My mind kept leaving the van to go back to where I'd routinely seen those faces. The distance between us didn't seem to matter. The idea of outrunning them seemed remote. The country wasn't wide enough and they were only a thought away. There had to be another way to put my memories to rest and allow me to get on with my life.

Carl's thoughts converged with mine as he lay with me.

"I've got to report to Augusta, Georgia, in a little over three weeks. We'll go home to my place in Alabama. You'll meet my family and we'll enjoy being together, but once I report, it'll be two or three months before I'm able to make arrangements to have you with me in Augusta. That would be off-base housing, or we can just live at my parents and I'll have one or two weekends a month when I can come home to be with you."

"We'll be spending a lot of time apart," I observed.

"I'm in the Army, Billie Joe. Once I've completed my obligation to them I'll be back home with you. Until I get established at my new base, I won't get much say in the matter and probably only a few days off."

"You know what I need to do?" I asked.

"You mean besides being with me like we've been planning for so long?"

"I can do something if I go back and tell people what's happening on their streets. I don't know I can stop thinking about it, Carl. If I don't do something I don't know if I can live with myself."

"If you think you can do some good by going back there for a few weeks, then this is the time you need to get it done. Don't expect me to go along with you living on the street again. No way! No how! Billie Joe Walker. That ain't going to happen. I'll go along with only so much."

"Junior. I'm Junior, my father is Billie Joe Walker," I corrected, feeling suddenly whole.

"Oh, hush. You know what I'm saying. Go see if there's some way you can help those kids. But you can't stay on the street, and you've got to get it done in short order. I want you with me. Is that clear? I'm more than meeting you half way here."

"Yes, sir," I said. "I'll do anything you say."

"Yeah, right, I wasn't born yesterday. Do what you need to do but when I get settled, you come home."

I leaned to kiss him and wrap my arms around him.

"That's why I love you," I whispered in his ear. "You're the best."

"Why, because I'm a pushover when it comes to you?"

"No, because you care, Carl; I love you because you care. Your heart is the size of Alabama."

"I'm just getting ahead of the curve. I know you're going back there. I may as well get used to the idea. Don't think it makes me happy, but someone needs to speak for those kids and as far as I can see you're the one that knows what to say. Go out there and find someone in charge and tell him to get off his ass and get 'er done."

"That's what I'll say," I said, laughing at his diplomatic style.

It was a solution I hesitated to let cross my mind, until it crossed Carl's, and he had a timetable and a game plan that hadn't occurred to me. It wasn't going to keep us apart for any longer than the Army was going to separate us, while he settled in at his new base. In this way I had a project to keep me occupied, until Carl was able to get us a place off base.

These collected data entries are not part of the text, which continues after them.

(* For every odd $m\ge3$, the suffix array of $\bar{\mathsf{F}}_m$ is an arithmetically progressed permutation with ratio $f_{m-2}$ (and first entry $f_m$).
   Context: Fibonacci words: $\mathsf{F}_1=\mathtt{b}$, $\mathsf{F}_2=\mathtt{a}$, $\mathsf{F}_m=\mathsf{F}_{m-1}\mathsf{F}_{m-2}$ for $m\ge3$; $f_m=|\mathsf{F}_m|$. $\bar{\mathsf{F}}_m$ is $\mathsf{F}_m$ with every $\mathtt{a}$ replaced by $\mathtt{b}$ and every $\mathtt{b}$ by $\mathtt{a}$. Order $\mathtt{a}<\mathtt{b}$; lexicographic order with a proper prefix smaller than the longer string; suffix array $\mathsf{SA}_{\mathsf{T}}$: permutation of $[1..n]$ such that $\mathsf{T}[\mathsf{SA}_{\mathsf{T}}[i]..n]$ is the $i$-th smallest suffix. $x\bmod n$: representative in $[1..n]$. An arithmetically progressed permutation of length $n$ with ratio $k\in[1..n-1]$ is a permutation $P$ of $[1..n]$ with $P[i+1]=P[i]+k\bmod n$. *)

From mathcomp Require Import all_boot.
Set Implicit Arguments. Unset Strict Implicit. Unset Printing Implicit Defensive.

(* Alphabet: letter a = false, letter b = true, so that a < b
   corresponds to false < true. *)
Definition la : bool := false.
Definition lb : bool := true.

(* Fibonacci words: F 1 = b, F 2 = a, F m = F (m-1) F (m-2) for m >= 3.
   (F 0 is an unused placeholder.) *)
Fixpoint fibw (m : nat) : seq bool :=
  match m with
  | 0 => [::]
  | 1 => [:: lb]
  | 2 => [:: la]
  | (k.+1 as m1).+1 as m2 => fibw m1 ++ fibw k
  end.

Definition fibl (m : nat) : nat := size (fibw m).

Definition compl (w : seq bool) : seq bool := map negb w.

Fixpoint lex_lt (u v : seq bool) : bool :=
  match u, v with
  | [::], [::] => false
  | [::], _ :: _ => true
  | _ :: _, [::] => false
  | x :: u', y :: v' => (x < y) || ((x == y) && lex_lt u' v')
  end.

(* 1-indexed suff1 T[i..n] *)
Definition suff1 (T : seq bool) (i : nat) : seq bool := drop i.-1 T.

Definition at1 (P : seq nat) (i : nat) : nat := nth 0 P i.-1.

Definition is_suffix_array (T : seq bool) (P : seq nat) : Prop :=
  perm_eq P (iota 1 (size T)) /\
  forall i, 1 <= i < size T ->
    lex_lt (suff1 T (at1 P i)) (suff1 T (at1 P i.+1)).

(* x mod n with representative in [1..n] *)
Definition mod1 (x n : nat) : nat := (x + n - 1) %% n + 1.

Definition is_AP_perm (n k : nat) (P : seq nat) : Prop :=
  size P = n /\ perm_eq P (iota 1 n) /\ 1 <= k <= n - 1 /\
  forall i, 1 <= i < n -> at1 P i.+1 = mod1 (at1 P i + k) n.

From mathcomp Require Import all_boot zify.

Lemma nat_ind2 (P : nat -> Prop) :
  P 0 -> P 1 -> (forall m, P m -> P m.+1 -> P m.+2) -> forall m, P m.
Proof.
move=> P0 P1 PS m; suff [] : P m /\ P m.+1 by [].
by elim: m => [|m [Pm Pm1]]; split => //; apply: PS.
Qed.

Lemma fibw_rec m : fibw m.+3 = fibw m.+2 ++ fibw m.+1.
Proof. by []. Qed.

Lemma fiblS m : fibl m.+2 = fibl m.+1 + fibl m.
Proof. by case: m => [|m] //; rewrite /fibl fibw_rec size_cat. Qed.

Lemma fibl_gt0 {m : nat} : 0 < m -> 0 < fibl m.
Proof.
case: m => // m _; elim/nat_ind2: m => // m IHm IHm1.
by rewrite fiblS addn_gt0 IHm1.
Qed.

(* Cassini's identity f_(m+1)^2 - f_m f_(m+2) = (-1)^m, with f_0 = 0. *)
Lemma fibl_cassini m :
  fibl m.+1 * fibl m.+1 + odd m = fibl m * fibl m.+2 + ~~ odd m.
Proof.
elim: m => [//|m IH]; rewrite !fiblS /=.
by case: (odd m) IH; rewrite fiblS /=; nia.
Qed.

Lemma count_b_fibw m : count id (fibw m.+2) = fibl m.
Proof.
elim/nat_ind2: m => // m IHm IHm1.
by rewrite fibw_rec count_cat IHm1 IHm fiblS addnC.
Qed.

(* For odd M, f_(M+2) divides f_M^2 + 1: f_M is a square root of -1 mod f_(M+2). *)
Lemma fibl_sq_dvd {M : nat} : odd M -> fibl M.+2 %| fibl M * fibl M + 1.
Proof.
move=> M_odd; apply/dvdnP; exists (2 * fibl M - fibl M.+1).
by have := fibl_cassini M; rewrite M_odd fiblS /=; nia.
Qed.

Definition nb_prefix m p := count id (take p (fibw m)).

(* The mechanical-word formula for F_(m+2):
   nb_prefix (m+2) p = floor(((p+1) f_m - [m odd]) / f_(m+2)). *)
Definition mechanical_count m := forall p, p <= fibl m.+2 ->
  nb_prefix m.+2 p * fibl m.+2 <= p.+1 * fibl m - odd m
  < (nb_prefix m.+2 p).+1 * fibl m.+2.

(* Arithmetic behind the induction step when the prefix lies inside F_(m+3);
   a0..a4 stand for f_m..f_(m+4) and e for [m odd]. *)
Lemma count_step_left {e : bool} {a0 a1 a2 a3 a4 p t : nat} :
  a2 = a1 + a0 -> a3 = a2 + a1 -> a4 = a3 + a2 ->
  a1 * a1 + e = a0 * a2 + ~~ e -> p <= a3 ->
  t * a3 <= p.+1 * a1 - ~~ e < t.+1 * a3 ->
  t * a4 <= p.+1 * a2 - e < t.+1 * a4.
Proof. by move=> -> -> ->; case: e => /= C Hp /andP[H1 H2]; apply/andP; split; nia. Qed.

(* Same, when the prefix is F_(m+3) followed by a prefix of length r of F_(m+2). *)
Lemma count_step_right {e : bool} {a0 a1 a2 a3 a4 r t : nat} :
  a2 = a1 + a0 -> a3 = a2 + a1 -> a4 = a3 + a2 ->
  a1 * a1 + e = a0 * a2 + ~~ e -> r <= a2 ->
  t * a2 <= r.+1 * a0 - e < t.+1 * a2 ->
  (a1 + t) * a4 <= (a3 + r).+1 * a2 - e < (a1 + t).+1 * a4.
Proof. by move=> -> -> ->; case: e => /= C Hr /andP[H1 H2]; apply/andP; split; nia. Qed.

Lemma fibw_mechanical m : mechanical_count m.
Proof.
elim/nat_ind2: m => [||m IHm IHm1] p.
- by rewrite /nb_prefix; case: p => [|[|p]].
- by rewrite /nb_prefix; case: p => [|[|[|p]]].
move=> Hp.
have C := fibl_cassini m.
have E2 := fiblS m; have E3 := fiblS m.+1; have E4 := fiblS m.+2.
have size3 : size (fibw m.+3) = fibl m.+3 by [].
rewrite [odd m.+2]/= negbK.
case: (leqP p (fibl m.+3)) => Hp3.
- have -> : nb_prefix m.+4 p = nb_prefix m.+3 p.
    by rewrite /nb_prefix fibw_rec takel_cat ?size3.
  exact: (count_step_left E2 E3 E4 C Hp3 (IHm1 p Hp3)).
- have -> : p = fibl m.+3 + (p - fibl m.+3) by rewrite subnKC // ltnW.
  have Hr : p - fibl m.+3 <= fibl m.+2 by rewrite leq_subLR -E4.
  have -> : nb_prefix m.+4 (fibl m.+3 + (p - fibl m.+3))
            = fibl m.+1 + nb_prefix m.+2 (p - fibl m.+3).
    by rewrite /nb_prefix fibw_rec take_cat size3 ltnNge leq_addr addKn
               count_cat count_b_fibw.
  exact: (count_step_right E2 E3 E4 C Hr (IHm _ Hr)).
Qed.

Lemma lex_lt_irr u : lex_lt u u = false.
Proof. by elim: u => //= x u ->; rewrite ltnn eqxx. Qed.

Lemma lex_lt_asym {u v : seq bool} : lex_lt u v -> lex_lt v u -> False.
Proof. by elim: u v => [|x u IH] [|y v] //=; case: x; case: y => //=; apply: IH. Qed.

Lemma at1_range {n : nat} {P : seq nat} :
  perm_eq P (iota 1 n) -> forall i, 1 <= i <= n -> 1 <= at1 P i <= n.
Proof.
move=> permP i Hi; have : at1 P i \in iota 1 n.
  by rewrite -(perm_mem permP) mem_nth // (perm_size permP) size_iota; lia.
by rewrite mem_iota; lia.
Qed.

Lemma decreasing_ranks n (f : nat -> nat) :
  (forall i, 1 <= i <= n -> f i < n) -> (forall i, 1 <= i < n -> f i.+1 < f i) ->
  forall i, 1 <= i <= n -> f i = n - i.
Proof.
move=> f_lt f_decr.
have upper i : 1 <= i <= n -> f i <= n - i.
  elim: i => [|[|i] IH] Hi; first lia; first by have := f_lt 1 Hi; lia.
  by have := IH ltac:(lia); have := f_decr i.+1 ltac:(lia); lia.
have lower j : j < n -> j <= f (n - j).
  elim: j => [|j IH] Hj; first lia.
  have := IH ltac:(lia); have := f_decr (n - j.+1) ltac:(lia).
  by rewrite (_ : (n - j.+1).+1 = n - j); lia.
move=> i Hi; have := upper i Hi; have := lower (n - i) ltac:(lia).
by rewrite (_ : n - (n - i) = i); lia.
Qed.

Section SuffixArrayByRank.
Context {n : nat} {T : seq bool} {rk : nat -> nat}.
Hypotheses
  (size_T : size T = n)
  (rk_lt : forall p, 1 <= p <= n -> rk p < n)
  (rk_inj : forall p q, 1 <= p <= n -> 1 <= q <= n -> rk p = rk q -> p = q)
  (rk_lex : forall p q, 1 <= p <= n -> 1 <= q <= n -> rk q < rk p ->
     lex_lt (suff1 T p) (suff1 T q)).

Lemma suffix_array_exists : exists P, is_suffix_array T P.
Proof.
pose P := sort (fun x y => rk y <= rk x) (iota 1 n).
have permP : perm_eq P (iota 1 n) by rewrite perm_sort.
have sorted_P : sorted (fun x y => rk y <= rk x) P.
  by apply: sort_sorted => x y; apply: leq_total.
have uniqP : uniq P by rewrite (perm_uniq permP) iota_uniq.
have sizeP : size P = n by rewrite (perm_size permP) size_iota.
exists P; split; rewrite size_T // => i Hi.
have Pi := at1_range permP i ltac:(lia); have Pi1 := at1_range permP i.+1 ltac:(lia).
have ne : at1 P i.+1 != at1 P i by rewrite /at1 /= nth_uniq ?sizeP //; lia.
have le : rk (at1 P i.+1) <= rk (at1 P i).
  have := (sortedP 0 sorted_P) i.-1; rewrite /at1 prednK; last lia.
  by apply; rewrite sizeP; lia.
apply: rk_lex => //; rewrite ltn_neqAle le andbT.
by apply: contra_neq ne; apply: rk_inj.
Qed.

Lemma suffix_array_ranks P :
  is_suffix_array T P -> forall i, 1 <= i <= n -> rk (at1 P i) = n - i.
Proof.
rewrite /is_suffix_array size_T => -[permP sortP].
apply: decreasing_ranks => [i Hi|i Hi]; first exact/rk_lt/(at1_range permP).
have Pi := at1_range permP i ltac:(lia); have Pi1 := at1_range permP i.+1 ltac:(lia).
have lex := sortP i Hi.
case: (ltngtP (rk (at1 P i.+1)) (rk (at1 P i))) => // [gt | eq].
  by case: (lex_lt_asym lex (rk_lex _ _ Pi1 Pi gt)).
by move: lex; rewrite (rk_inj _ _ Pi1 Pi eq) lex_lt_irr.
Qed.
End SuffixArrayByRank.

(* rot n k p = (p k - 1) mod n, written without truncated subtraction. *)
Definition rot (n k p : nat) : nat := (p * k + n.-1) %% n.

Section Rotation.
Context {n k : nat}.
Hypotheses (k_gt0 : 0 < k) (k_lt_n : k < n).
Local Notation rot := (rot n k).

Let n_gt0 : 0 < n. Proof. exact: leq_ltn_trans k_lt_n. Qed.

Lemma rot_lt p : rot p < n.
Proof. exact: ltn_pmod. Qed.

Lemma rot_n : rot n = n.-1.
Proof. by rewrite /rot mulnC modnMDl modn_small // prednK. Qed.

Lemma rot_le_n p : rot p <= rot n.
Proof. by rewrite rot_n -ltnS prednK ?rot_lt. Qed.

Lemma rot_mod p : rot p + 1 = p * k %[mod n].
Proof. by rewrite /rot modnDml -addnA addn1 prednK // modnDr. Qed.

Lemma rot_succ p :
  rot p.+1 = if rot p + k < n then rot p + k else rot p + k - n.
Proof.
have -> : rot p.+1 = (rot p + k) %% n by rewrite /rot modnDml mulSnr addnAC.
case: ltnP => [lt_n | ge_n]; first exact: modn_small.
rewrite -{1}(subnK ge_n) modnDr modn_small //.
by have := rot_lt p; lia.
Qed.

Lemma mod1_range x : 1 <= mod1 x n <= n.
Proof. by rewrite /mod1 addn1 /= ltn_pmod. Qed.

Section RotationCoding.
Context {T : seq bool}.
Hypotheses (size_T : size T = n)
  (letter_T : forall p, 1 <= p <= n -> nth false T p.-1 = (rot p + k < n)).

Lemma suff1_cons p : 1 <= p <= n -> suff1 T p = nth false T p.-1 :: suff1 T p.+1.
Proof. by move=> Hp; rewrite /suff1 (drop_nth false) ?size_T prednK //; lia. Qed.

(* Induction on n - p: equal first letters keep the order of the rotated
   values, different first letters decide the comparison, and the last
   suffix, the single letter a, is the smallest suffix. *)
Lemma rot_lex p q : 1 <= p <= n -> 1 <= q <= n -> rot q < rot p ->
  lex_lt (suff1 T p) (suff1 T q).
Proof.
move Hj : (n - p) => j; elim: j p q Hj => [|j IH] p q Hj Hp Hq lt_pq;
  have lt_qn : q < n by have := rot_le_n p; case: (eqVneq q n) lt_pq => [->|]; lia.
  have -> : p = n by lia.
  rewrite (suff1_cons n) ?(suff1_cons q) ?letter_T ?rot_n //; [|lia..].
  have -> : suff1 T n.+1 = [::] by rewrite /suff1 drop_oversize ?size_T.
  rewrite (suff1_cons q.+1); last lia.
  by rewrite /= (_ : n.-1 + k < n = false); [case: (_ < n)|lia].
have step_lex : (rot p + k < n) = (rot q + k < n) ->
    lex_lt (suff1 T p.+1) (suff1 T q.+1).
  move=> same; apply: IH; try lia.
  by rewrite !rot_succ -same; case: ifP; lia.
rewrite (suff1_cons p) ?(suff1_cons q) ?letter_T /=; [|lia..].
case: (ltnP (rot p + k) n) => [lt_p | ge_p].
  have lt_q : rot q + k < n by lia.
  by rewrite lt_q eqxx step_lex ?orbT // lt_p lt_q.
case: (ltnP (rot q + k) n) => [//| ge_q] /=.
by rewrite step_lex // !ltnNge ge_p ge_q.
Qed.
End RotationCoding.

(* When k^2 = -1 (mod n), rot is a bijection and x |-> x + k decrements it. *)
Section SquareRootOfMinusOne.
Hypothesis n_dvd : n %| k * k + 1.

(* If n | (q - p) k then n | (q - p) k^2 and n | (q - p)(k^2 + 1), so n | q - p. *)
Lemma rot_inj p q : 1 <= p <= n -> 1 <= q <= n -> rot p = rot q -> p = q.
Proof.
wlog le_pq : p q / p <= q.
  by move=> W Hp Hq E; case: (leqP p q) => [|/ltnW] H; [|symmetry]; apply: W.
move=> Hp Hq /eqP; rewrite eqn_modDr eq_sym eqn_mod_dvd ?leq_mul2r ?le_pq ?orbT //.
rewrite -mulnBl => n_dvd_k.
have n_dvd_diff : n %| q - p.
  have : n %| (q - p) * (k * k + 1) by exact: dvdn_mull.
  by rewrite mulnDr muln1 mulnA dvdn_addr // dvdn_mulr.
case: (posnP (q - p)) => [|pos]; first lia.
by have := dvdn_leq pos n_dvd_diff; lia.
Qed.

(* (x + k) k - 1 = x k + (k^2 + 1) - 2 = x k - 2 (mod n). *)
Lemma rot_shift x : 0 < rot x -> rot (mod1 (x + k) n) = (rot x).-1.
Proof.
move=> rot_gt0; set y := mod1 (x + k) n.
have kk0 : k * k + 1 = 0 %[mod n] by apply/eqP; rewrite mod0n -/(dvdn _ _).
have Ey : y = x + k %[mod n].
  by rewrite /y /mod1 modnDml subnK ?modnDr //; lia.
have rot_y : rot y + 2 = x * k %[mod n].
  rewrite -[2]/(1 + 1) addnA -modnDml rot_mod modnDml.
  rewrite -modnDml -modnMml Ey modnMml modnDml.
  by rewrite mulnDl -addnA -modnDmr kk0 mod0n addn0.
have : rot y + 2 = (rot x).-1 + 2 %[mod n].
  by rewrite rot_y addn2 prednK // -addn1 rot_mod.
by move/eqP; rewrite eqn_modDr !modn_small // ?rot_lt //; have := rot_lt x; lia.
Qed.

Lemma rank_AP P : perm_eq P (iota 1 n) ->
  (forall i, 1 <= i <= n -> rot (at1 P i) = n - i) ->
  is_AP_perm n k P /\ at1 P 1 = n.
Proof.
move=> permP rankP; have P_range := at1_range permP.
have first : at1 P 1 = n.
  by apply: rot_inj; [apply: P_range; lia | lia | rewrite rankP ?rot_n; lia].
split=> //; split; first by rewrite (perm_size permP) size_iota.
split=> //; split=> [|i Hi]; first lia.
apply: rot_inj; [apply: P_range; lia | exact: mod1_range |].
by rewrite rot_shift !rankP //; lia.
Qed.
End SquareRootOfMinusOne.
End Rotation.

(* For odd M, F_(M+2) codes the rotation by f_M on Z/f_(M+2): its p-th letter
   is b iff rot p + f_M >= f_(M+2); it is the increment of the mechanical count
   floor((p f_M - 1 + f_M) / f_(M+2)) - floor((p f_M - 1) / f_(M+2)). *)
Lemma fibw_letter M p : odd M -> 1 <= p <= fibl M.+2 ->
  nth false (fibw M.+2) p.-1 = (fibl M.+2 <= rot (fibl M.+2) (fibl M) p + fibl M).
Proof.
move=> M_odd Hp.
have k_gt0 : 0 < fibl M by exact: fibl_gt0 (odd_gt0 M_odd).
have H0 := fibw_mechanical M p.-1 ltac:(lia).
have H1 := fibw_mechanical M p ltac:(lia).
rewrite M_odd prednK in H0 H1; last lia.
have count_succ : nb_prefix M.+2 p = nb_prefix M.+2 p.-1 + nth false (fibw M.+2) p.-1.
  rewrite /nb_prefix -{1}(prednK (n := p)); last lia.
  rewrite (take_nth false); last by rewrite -/(fibl M.+2); lia.
  by rewrite -cats1 count_cat /= addn0.
rewrite count_succ /rot in H1 *.
move: (nb_prefix M.+2 p.-1) (nth _ _ _) (fibl M.+2) (fibl M) H0 H1 k_gt0
  => c b n k H0 H1 k_gt0.
have pk_gt0 : 0 < p * k by rewrite muln_gt0; lia.
rewrite !mulSn in H0 H1.
have -> : (p * k + n.-1) %% n = p * k - 1 - c * n.
  rewrite (_ : p * k + n.-1 = c.+1 * n + (p * k - 1 - c * n)); last by rewrite mulSn; lia.
  by rewrite modnMDl modn_small; lia.
case: b H1 => /= H1; rewrite ?addn1 ?addn0 ?mulSn in H1; apply/esym; first by lia.
by apply/negbTE; rewrite -ltnNge; lia.
Qed.

Theorem mainTheorem17 (m : nat) :
  3 <= m -> odd m ->
  (exists P, is_suffix_array (compl (fibw m)) P) /\
  (forall P, is_suffix_array (compl (fibw m)) P ->
     is_AP_perm (fibl m) (fibl (m - 2)) P /\ at1 P 1 = fibl m).
Proof.
case: m => [|[|M]] // _; rewrite subn2 /= negbK => M_odd.
set n := fibl M.+2; set k := fibl M; set T := compl (fibw M.+2).
have k_gt0 : 0 < k := fibl_gt0 (odd_gt0 M_odd).
have k_lt_n : k < n by rewrite /n fiblS -{1}(add0n k) ltn_add2r fibl_gt0.
have n_dvd : n %| k * k + 1 := fibl_sq_dvd M_odd.
have size_T : size T = n by rewrite size_map.
have letter_T p : 1 <= p <= n -> nth false T p.-1 = (rot n k p + k < n).
  move=> Hp; have p_lt : p.-1 < size (fibw M.+2) by rewrite -/(fibl M.+2) -/n; lia.
  by rewrite (nth_map false _ _ p_lt) fibw_letter // ltnNge.
have rk_inj := rot_inj k_gt0 k_lt_n n_dvd.
have rk_lex := rot_lex k_gt0 k_lt_n size_T letter_T.
split; first exact: (suffix_array_exists size_T rk_inj rk_lex).
move=> P SA; apply: rank_AP => //; first by case: SA; rewrite size_T.
exact: (suffix_array_ranks size_T (fun p _ => rot_lt k_lt_n p) rk_inj rk_lex _ SA).
Qed.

The plan eased my conscience. I didn't want to leave Carl, but the guilt I felt over leaving the boys on the street behind, after they protected me, was growing. Living happily ever after with them still out there no longer seemed possible.

After twenty-four hours on planes and a day-and-a-half of driving, Carl was ready for a break. We settled in for the night and my appreciation for him expanded in more ways than one. There was so much for me to be thankful for.